_WHAT TO DO_
In the entries below, find the line with "[now apply continuity_one_plus_rpow|" and the line with "Lemma Rabs_clamp_le a b y t : a <= b ->". Reproduce those two lines and every line between them exactly, and nothing more.

_TASK DATA_
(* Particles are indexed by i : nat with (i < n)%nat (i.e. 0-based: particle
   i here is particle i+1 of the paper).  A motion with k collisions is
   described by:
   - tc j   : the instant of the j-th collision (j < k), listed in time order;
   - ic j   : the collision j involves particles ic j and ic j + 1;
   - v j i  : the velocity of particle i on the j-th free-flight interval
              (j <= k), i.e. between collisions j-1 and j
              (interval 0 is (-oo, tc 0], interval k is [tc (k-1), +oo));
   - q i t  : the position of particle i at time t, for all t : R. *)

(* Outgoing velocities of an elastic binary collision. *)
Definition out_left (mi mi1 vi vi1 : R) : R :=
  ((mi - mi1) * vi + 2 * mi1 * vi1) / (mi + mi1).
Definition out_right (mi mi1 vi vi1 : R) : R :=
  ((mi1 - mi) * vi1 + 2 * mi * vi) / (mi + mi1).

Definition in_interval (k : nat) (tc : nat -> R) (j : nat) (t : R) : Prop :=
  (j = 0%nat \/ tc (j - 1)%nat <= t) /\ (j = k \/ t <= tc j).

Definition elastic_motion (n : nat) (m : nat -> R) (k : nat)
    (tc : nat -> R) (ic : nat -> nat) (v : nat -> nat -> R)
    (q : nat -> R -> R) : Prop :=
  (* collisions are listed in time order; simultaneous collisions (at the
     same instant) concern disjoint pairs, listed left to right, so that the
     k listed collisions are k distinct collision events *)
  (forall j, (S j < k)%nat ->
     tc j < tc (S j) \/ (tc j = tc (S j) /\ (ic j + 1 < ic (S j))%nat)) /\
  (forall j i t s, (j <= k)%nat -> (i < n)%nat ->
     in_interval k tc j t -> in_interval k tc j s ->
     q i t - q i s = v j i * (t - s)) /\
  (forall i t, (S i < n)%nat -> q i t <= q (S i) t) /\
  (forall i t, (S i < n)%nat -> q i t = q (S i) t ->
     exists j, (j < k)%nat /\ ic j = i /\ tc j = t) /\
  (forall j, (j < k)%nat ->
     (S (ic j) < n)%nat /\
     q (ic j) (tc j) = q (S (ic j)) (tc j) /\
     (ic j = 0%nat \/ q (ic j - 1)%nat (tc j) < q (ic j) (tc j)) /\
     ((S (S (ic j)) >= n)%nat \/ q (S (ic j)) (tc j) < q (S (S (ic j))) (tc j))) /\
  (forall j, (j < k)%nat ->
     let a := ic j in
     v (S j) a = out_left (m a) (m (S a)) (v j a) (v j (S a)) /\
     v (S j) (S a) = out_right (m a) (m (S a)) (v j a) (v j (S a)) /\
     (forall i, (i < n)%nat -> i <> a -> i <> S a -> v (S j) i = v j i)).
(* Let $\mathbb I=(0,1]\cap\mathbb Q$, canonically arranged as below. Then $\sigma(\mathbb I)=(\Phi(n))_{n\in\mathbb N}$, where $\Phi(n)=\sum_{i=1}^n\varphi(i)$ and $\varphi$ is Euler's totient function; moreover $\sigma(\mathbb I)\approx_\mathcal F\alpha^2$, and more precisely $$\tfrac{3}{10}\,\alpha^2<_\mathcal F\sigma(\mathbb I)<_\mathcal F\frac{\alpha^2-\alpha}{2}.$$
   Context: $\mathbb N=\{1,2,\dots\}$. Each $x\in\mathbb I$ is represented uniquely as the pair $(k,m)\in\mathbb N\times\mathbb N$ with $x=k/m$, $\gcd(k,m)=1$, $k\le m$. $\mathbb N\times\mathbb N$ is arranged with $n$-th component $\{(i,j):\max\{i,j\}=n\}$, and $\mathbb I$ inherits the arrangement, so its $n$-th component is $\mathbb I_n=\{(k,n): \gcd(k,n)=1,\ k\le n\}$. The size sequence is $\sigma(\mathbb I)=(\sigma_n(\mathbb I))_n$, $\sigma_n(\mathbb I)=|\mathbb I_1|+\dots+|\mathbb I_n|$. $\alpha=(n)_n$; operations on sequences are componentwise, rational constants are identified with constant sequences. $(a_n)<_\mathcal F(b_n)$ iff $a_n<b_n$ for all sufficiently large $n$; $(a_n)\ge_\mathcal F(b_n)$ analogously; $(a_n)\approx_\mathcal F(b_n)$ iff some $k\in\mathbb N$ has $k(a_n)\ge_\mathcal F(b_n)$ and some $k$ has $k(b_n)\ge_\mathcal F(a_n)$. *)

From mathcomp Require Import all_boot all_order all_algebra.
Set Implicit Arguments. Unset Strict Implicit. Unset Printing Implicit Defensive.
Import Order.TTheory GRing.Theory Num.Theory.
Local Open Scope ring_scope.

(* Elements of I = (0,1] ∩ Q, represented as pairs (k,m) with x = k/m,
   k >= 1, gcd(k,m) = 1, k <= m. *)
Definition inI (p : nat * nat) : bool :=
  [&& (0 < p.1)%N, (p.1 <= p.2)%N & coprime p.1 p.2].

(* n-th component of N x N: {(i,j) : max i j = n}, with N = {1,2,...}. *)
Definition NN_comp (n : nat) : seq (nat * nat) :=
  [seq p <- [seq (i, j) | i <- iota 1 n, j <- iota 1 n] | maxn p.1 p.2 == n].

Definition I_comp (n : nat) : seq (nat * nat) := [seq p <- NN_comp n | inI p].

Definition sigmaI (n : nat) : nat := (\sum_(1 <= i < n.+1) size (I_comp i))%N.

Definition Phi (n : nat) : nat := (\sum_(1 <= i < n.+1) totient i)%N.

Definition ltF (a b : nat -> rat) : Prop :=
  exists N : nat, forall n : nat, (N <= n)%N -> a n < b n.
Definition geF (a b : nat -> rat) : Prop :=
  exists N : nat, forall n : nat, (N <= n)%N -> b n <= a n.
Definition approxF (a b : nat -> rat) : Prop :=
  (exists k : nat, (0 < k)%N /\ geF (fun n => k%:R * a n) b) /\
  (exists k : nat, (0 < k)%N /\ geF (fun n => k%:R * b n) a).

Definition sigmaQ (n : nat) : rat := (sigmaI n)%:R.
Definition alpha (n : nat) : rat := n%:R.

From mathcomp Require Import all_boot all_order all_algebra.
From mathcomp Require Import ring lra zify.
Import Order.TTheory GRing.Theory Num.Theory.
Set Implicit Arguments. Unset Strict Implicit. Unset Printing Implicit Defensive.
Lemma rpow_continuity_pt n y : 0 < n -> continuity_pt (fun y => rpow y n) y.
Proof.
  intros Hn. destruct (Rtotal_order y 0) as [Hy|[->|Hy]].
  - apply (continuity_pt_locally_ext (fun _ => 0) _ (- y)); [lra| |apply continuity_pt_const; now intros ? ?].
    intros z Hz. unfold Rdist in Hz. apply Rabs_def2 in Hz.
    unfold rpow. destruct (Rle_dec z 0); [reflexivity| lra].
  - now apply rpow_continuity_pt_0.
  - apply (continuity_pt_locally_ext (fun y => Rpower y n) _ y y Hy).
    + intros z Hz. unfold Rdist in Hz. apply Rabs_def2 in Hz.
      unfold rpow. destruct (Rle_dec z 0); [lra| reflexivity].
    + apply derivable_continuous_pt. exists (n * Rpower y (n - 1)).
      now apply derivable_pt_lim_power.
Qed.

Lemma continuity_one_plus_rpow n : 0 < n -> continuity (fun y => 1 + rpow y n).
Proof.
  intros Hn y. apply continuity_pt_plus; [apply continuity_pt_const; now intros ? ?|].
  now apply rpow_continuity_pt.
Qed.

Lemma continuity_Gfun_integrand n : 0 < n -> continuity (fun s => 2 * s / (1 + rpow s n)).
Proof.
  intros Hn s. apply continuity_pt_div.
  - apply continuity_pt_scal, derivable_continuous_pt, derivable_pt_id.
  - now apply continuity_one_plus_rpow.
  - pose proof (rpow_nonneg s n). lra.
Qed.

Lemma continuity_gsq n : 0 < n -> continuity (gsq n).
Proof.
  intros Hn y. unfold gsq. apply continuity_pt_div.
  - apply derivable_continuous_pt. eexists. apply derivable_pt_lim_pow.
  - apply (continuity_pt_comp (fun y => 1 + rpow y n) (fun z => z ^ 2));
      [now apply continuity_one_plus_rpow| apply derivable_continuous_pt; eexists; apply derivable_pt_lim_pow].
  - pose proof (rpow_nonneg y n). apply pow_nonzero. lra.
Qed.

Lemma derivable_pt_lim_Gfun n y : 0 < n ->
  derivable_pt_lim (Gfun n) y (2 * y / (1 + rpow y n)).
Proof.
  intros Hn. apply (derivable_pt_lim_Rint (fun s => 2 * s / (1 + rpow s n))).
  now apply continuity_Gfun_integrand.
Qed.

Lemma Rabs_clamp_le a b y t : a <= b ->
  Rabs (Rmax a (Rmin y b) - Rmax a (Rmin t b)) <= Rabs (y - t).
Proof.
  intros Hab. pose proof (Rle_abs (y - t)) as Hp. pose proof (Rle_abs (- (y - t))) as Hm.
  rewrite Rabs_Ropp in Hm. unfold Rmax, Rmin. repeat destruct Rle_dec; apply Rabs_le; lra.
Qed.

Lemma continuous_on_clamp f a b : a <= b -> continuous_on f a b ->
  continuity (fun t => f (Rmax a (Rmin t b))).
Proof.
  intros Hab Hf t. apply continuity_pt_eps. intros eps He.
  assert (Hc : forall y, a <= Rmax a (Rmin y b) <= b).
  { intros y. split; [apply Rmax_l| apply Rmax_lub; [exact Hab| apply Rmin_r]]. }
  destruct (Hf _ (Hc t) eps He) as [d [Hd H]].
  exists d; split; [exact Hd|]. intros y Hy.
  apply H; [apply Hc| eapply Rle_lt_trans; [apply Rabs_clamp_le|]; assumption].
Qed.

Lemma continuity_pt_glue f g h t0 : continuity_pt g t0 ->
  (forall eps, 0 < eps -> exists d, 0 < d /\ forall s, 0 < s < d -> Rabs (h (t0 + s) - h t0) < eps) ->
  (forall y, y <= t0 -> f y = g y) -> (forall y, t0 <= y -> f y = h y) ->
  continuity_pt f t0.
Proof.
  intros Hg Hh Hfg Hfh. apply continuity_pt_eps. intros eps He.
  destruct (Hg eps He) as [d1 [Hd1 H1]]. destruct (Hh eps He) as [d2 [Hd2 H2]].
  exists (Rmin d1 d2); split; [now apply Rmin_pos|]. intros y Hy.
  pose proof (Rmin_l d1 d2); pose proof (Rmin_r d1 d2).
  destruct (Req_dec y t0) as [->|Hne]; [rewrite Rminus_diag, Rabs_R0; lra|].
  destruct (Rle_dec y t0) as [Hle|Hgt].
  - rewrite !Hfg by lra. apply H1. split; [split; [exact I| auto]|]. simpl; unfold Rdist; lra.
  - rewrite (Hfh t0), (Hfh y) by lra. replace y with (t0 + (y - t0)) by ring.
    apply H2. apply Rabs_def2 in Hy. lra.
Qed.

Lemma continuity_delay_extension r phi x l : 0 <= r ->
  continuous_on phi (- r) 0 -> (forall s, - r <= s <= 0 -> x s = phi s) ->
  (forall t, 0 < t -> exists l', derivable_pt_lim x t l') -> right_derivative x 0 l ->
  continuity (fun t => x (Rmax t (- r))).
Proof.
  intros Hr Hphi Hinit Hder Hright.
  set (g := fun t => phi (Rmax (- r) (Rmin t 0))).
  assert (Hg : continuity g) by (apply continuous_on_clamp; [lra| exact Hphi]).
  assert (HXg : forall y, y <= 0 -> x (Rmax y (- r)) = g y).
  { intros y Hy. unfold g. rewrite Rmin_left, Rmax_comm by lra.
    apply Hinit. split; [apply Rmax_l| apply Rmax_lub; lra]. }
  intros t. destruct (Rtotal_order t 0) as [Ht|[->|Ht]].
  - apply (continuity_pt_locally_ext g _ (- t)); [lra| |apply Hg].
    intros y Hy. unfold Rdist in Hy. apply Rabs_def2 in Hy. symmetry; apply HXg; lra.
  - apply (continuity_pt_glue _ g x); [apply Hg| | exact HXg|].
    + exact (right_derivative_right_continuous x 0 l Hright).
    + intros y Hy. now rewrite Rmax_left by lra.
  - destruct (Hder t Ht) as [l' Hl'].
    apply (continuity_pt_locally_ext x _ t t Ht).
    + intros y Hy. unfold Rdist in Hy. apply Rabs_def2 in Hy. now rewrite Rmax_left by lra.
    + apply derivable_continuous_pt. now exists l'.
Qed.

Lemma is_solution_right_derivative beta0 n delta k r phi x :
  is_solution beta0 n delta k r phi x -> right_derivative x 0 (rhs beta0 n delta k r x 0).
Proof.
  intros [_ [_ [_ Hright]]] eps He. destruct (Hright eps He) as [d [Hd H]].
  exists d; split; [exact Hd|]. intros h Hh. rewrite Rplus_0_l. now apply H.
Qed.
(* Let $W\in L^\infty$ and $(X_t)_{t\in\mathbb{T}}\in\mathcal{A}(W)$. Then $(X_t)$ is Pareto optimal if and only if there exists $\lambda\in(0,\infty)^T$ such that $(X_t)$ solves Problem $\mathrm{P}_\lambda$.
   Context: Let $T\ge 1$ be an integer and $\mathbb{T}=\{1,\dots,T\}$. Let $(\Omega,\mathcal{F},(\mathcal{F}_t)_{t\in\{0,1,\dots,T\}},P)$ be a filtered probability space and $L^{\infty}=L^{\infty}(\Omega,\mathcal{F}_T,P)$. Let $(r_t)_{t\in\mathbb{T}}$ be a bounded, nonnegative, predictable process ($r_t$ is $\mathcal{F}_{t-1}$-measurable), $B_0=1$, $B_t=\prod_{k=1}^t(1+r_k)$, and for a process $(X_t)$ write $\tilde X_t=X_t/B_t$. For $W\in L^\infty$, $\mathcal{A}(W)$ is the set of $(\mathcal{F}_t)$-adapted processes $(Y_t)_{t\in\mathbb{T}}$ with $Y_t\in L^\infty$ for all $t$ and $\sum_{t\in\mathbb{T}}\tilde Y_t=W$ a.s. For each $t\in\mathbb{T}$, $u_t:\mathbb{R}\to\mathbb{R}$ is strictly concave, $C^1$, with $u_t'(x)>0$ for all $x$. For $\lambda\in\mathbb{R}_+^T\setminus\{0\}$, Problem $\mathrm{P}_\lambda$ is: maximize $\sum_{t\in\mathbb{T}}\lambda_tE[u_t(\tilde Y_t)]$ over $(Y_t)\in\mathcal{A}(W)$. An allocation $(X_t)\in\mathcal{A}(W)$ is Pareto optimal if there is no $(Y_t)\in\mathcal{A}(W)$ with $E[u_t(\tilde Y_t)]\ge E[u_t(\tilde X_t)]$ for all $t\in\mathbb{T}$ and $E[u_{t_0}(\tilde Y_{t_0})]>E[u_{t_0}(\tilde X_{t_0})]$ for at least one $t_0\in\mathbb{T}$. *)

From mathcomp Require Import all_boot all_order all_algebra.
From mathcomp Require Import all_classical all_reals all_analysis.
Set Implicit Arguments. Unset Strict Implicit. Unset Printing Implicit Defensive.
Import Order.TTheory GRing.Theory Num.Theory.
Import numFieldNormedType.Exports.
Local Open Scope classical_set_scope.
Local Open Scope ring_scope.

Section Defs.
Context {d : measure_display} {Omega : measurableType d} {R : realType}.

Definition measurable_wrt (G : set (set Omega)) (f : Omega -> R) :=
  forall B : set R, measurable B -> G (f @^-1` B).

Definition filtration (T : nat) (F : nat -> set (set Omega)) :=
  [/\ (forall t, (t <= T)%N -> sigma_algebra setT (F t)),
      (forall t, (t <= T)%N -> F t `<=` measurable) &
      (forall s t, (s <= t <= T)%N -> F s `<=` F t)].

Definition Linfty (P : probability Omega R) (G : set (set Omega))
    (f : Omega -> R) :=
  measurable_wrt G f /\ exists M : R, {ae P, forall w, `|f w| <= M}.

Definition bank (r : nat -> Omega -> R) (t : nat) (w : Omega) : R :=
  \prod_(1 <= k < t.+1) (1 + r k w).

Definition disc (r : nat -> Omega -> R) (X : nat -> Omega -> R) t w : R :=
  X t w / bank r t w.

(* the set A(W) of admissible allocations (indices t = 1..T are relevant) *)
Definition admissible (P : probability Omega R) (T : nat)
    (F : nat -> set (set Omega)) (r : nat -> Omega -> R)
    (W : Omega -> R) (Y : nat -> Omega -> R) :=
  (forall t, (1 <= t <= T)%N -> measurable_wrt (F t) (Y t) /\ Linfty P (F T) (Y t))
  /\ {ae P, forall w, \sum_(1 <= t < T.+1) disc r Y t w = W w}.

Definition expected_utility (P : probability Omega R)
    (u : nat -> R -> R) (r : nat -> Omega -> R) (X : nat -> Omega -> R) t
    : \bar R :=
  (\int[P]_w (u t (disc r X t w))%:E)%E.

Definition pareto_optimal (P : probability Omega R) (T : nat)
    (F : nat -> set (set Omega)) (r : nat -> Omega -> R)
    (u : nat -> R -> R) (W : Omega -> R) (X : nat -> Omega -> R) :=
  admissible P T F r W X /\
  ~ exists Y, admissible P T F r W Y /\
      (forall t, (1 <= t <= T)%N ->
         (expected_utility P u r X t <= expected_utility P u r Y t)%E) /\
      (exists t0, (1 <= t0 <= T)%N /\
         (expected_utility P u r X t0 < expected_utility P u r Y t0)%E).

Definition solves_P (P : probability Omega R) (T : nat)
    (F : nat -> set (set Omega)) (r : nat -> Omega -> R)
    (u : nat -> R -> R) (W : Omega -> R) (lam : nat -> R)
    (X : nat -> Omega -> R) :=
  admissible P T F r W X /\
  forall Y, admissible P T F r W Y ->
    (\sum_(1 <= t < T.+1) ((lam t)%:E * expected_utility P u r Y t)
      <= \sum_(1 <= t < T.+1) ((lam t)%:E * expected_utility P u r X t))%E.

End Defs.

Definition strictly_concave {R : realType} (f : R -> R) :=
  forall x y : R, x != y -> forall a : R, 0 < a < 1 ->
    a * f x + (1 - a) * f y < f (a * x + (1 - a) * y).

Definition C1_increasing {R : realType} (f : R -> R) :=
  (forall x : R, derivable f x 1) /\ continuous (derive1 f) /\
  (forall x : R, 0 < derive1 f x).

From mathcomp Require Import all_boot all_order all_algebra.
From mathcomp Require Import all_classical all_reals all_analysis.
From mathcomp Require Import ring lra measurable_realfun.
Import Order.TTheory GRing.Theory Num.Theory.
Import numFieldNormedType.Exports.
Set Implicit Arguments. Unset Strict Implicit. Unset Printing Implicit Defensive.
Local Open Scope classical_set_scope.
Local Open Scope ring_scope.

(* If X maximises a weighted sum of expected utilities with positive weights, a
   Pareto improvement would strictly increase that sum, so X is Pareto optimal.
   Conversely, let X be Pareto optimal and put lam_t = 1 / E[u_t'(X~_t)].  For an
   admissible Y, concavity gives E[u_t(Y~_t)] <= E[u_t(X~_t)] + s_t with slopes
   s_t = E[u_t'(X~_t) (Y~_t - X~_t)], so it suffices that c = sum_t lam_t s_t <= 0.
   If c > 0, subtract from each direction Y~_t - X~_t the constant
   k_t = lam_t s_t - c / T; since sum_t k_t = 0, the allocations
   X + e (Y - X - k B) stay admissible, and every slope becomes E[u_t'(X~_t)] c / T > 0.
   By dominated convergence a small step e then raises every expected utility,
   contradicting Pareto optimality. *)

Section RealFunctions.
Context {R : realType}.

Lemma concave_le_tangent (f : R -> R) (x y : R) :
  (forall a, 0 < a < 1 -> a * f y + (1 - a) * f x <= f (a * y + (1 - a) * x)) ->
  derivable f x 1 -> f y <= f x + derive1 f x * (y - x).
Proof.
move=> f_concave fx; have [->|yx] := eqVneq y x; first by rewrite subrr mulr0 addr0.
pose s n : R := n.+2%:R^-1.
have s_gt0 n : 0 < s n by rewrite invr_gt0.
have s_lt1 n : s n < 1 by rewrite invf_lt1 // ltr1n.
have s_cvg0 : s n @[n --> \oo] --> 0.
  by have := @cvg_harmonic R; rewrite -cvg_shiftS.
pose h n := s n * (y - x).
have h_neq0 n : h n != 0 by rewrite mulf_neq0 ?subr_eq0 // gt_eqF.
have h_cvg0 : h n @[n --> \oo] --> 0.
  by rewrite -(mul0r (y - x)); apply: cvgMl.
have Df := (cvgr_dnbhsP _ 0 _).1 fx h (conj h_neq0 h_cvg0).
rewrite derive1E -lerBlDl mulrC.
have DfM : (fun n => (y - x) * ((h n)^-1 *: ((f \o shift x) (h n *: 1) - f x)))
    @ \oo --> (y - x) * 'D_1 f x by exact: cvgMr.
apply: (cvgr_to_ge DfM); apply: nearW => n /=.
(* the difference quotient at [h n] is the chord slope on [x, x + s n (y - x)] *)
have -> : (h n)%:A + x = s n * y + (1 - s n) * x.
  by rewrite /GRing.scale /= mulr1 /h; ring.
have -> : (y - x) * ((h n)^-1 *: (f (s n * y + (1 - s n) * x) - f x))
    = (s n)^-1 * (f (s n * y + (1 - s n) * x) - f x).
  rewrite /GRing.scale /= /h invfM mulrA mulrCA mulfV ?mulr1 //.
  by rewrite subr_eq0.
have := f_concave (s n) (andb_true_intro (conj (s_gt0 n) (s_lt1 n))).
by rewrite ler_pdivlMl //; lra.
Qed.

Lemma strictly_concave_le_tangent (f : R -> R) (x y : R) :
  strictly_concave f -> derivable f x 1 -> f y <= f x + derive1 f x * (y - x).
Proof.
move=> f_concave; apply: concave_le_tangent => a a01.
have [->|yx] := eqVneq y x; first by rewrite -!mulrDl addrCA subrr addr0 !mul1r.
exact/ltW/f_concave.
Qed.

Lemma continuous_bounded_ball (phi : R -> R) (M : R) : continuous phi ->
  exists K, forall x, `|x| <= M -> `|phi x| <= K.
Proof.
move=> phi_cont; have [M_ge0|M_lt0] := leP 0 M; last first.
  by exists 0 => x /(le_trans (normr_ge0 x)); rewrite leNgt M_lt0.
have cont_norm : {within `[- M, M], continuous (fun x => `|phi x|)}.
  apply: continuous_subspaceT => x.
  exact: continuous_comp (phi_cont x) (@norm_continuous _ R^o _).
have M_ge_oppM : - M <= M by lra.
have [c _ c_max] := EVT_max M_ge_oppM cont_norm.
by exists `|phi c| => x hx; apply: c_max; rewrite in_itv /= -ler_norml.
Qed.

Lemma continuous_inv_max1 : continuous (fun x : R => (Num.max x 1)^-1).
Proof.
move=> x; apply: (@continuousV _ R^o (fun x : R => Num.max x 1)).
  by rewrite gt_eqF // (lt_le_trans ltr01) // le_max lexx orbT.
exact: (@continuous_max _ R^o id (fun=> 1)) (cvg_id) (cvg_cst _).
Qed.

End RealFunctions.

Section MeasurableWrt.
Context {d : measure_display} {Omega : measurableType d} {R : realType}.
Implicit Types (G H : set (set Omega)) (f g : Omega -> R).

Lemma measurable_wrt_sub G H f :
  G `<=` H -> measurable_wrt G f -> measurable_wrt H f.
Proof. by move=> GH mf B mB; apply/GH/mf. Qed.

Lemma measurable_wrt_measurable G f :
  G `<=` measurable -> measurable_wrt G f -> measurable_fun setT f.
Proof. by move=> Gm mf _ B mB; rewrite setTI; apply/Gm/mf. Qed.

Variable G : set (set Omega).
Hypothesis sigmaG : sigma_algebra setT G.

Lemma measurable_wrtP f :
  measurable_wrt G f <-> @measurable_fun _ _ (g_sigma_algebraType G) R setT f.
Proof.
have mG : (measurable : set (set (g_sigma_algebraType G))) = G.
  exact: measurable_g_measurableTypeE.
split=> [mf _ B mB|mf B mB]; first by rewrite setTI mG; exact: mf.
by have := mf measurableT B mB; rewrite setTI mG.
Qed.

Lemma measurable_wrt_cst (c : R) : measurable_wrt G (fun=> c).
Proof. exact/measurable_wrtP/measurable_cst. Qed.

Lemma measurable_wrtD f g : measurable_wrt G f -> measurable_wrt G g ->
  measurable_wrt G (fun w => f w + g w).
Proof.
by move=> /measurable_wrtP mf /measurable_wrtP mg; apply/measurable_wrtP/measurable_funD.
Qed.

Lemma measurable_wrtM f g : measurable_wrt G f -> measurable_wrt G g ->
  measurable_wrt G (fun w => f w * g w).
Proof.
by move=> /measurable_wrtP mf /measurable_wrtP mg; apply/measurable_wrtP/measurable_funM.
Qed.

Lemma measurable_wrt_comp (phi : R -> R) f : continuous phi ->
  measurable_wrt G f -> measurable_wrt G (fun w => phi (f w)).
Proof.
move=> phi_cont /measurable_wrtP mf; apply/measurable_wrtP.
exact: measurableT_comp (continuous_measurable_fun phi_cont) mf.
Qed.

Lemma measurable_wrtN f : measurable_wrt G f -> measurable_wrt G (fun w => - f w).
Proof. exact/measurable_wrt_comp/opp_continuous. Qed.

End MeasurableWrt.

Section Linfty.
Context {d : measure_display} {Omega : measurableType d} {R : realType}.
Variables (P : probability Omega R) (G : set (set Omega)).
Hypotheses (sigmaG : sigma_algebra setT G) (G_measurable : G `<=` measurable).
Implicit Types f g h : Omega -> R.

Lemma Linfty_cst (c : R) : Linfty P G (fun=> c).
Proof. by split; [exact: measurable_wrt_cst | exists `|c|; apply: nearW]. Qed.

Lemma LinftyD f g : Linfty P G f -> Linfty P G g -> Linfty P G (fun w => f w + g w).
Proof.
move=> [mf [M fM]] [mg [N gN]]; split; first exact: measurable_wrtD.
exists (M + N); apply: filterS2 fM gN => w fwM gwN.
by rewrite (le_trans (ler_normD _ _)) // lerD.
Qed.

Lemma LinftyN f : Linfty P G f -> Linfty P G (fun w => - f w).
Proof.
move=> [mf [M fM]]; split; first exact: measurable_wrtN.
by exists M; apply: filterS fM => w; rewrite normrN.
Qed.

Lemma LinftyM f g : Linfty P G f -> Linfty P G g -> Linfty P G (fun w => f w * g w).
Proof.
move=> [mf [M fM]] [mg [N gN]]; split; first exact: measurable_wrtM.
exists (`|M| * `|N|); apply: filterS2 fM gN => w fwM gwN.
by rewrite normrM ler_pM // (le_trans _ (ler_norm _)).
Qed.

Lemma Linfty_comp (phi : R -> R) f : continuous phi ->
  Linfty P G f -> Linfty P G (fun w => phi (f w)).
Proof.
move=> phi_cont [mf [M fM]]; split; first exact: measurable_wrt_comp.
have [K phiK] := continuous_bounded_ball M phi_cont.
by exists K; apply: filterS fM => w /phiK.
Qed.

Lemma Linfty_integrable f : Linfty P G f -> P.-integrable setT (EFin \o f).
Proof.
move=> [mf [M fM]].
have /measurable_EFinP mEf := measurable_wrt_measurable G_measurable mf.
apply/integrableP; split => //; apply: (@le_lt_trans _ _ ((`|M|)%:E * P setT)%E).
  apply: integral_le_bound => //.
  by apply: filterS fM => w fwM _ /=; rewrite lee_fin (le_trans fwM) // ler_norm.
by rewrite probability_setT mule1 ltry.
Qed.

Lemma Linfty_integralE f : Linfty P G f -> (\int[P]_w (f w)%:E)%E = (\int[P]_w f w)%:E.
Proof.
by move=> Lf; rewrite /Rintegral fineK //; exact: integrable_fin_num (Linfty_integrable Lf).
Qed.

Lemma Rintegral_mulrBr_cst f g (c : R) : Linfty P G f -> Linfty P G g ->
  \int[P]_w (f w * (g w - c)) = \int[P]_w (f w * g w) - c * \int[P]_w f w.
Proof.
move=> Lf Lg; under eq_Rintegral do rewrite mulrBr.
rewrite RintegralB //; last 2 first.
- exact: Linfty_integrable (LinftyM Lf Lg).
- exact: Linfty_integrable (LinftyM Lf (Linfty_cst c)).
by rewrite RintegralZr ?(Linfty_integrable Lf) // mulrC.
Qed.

_EXERCISE RESULT_
      [now apply continuity_one_plus_rpow| apply derivable_continuous_pt; eexists; apply derivable_pt_lim_pow].
  - pose proof (rpow_nonneg y n). apply pow_nonzero. lra.
Qed.

Lemma derivable_pt_lim_Gfun n y : 0 < n ->
  derivable_pt_lim (Gfun n) y (2 * y / (1 + rpow y n)).
Proof.
  intros Hn. apply (derivable_pt_lim_Rint (fun s => 2 * s / (1 + rpow s n))).
  now apply continuity_Gfun_integrand.
Qed.

Lemma Rabs_clamp_le a b y t : a <= b ->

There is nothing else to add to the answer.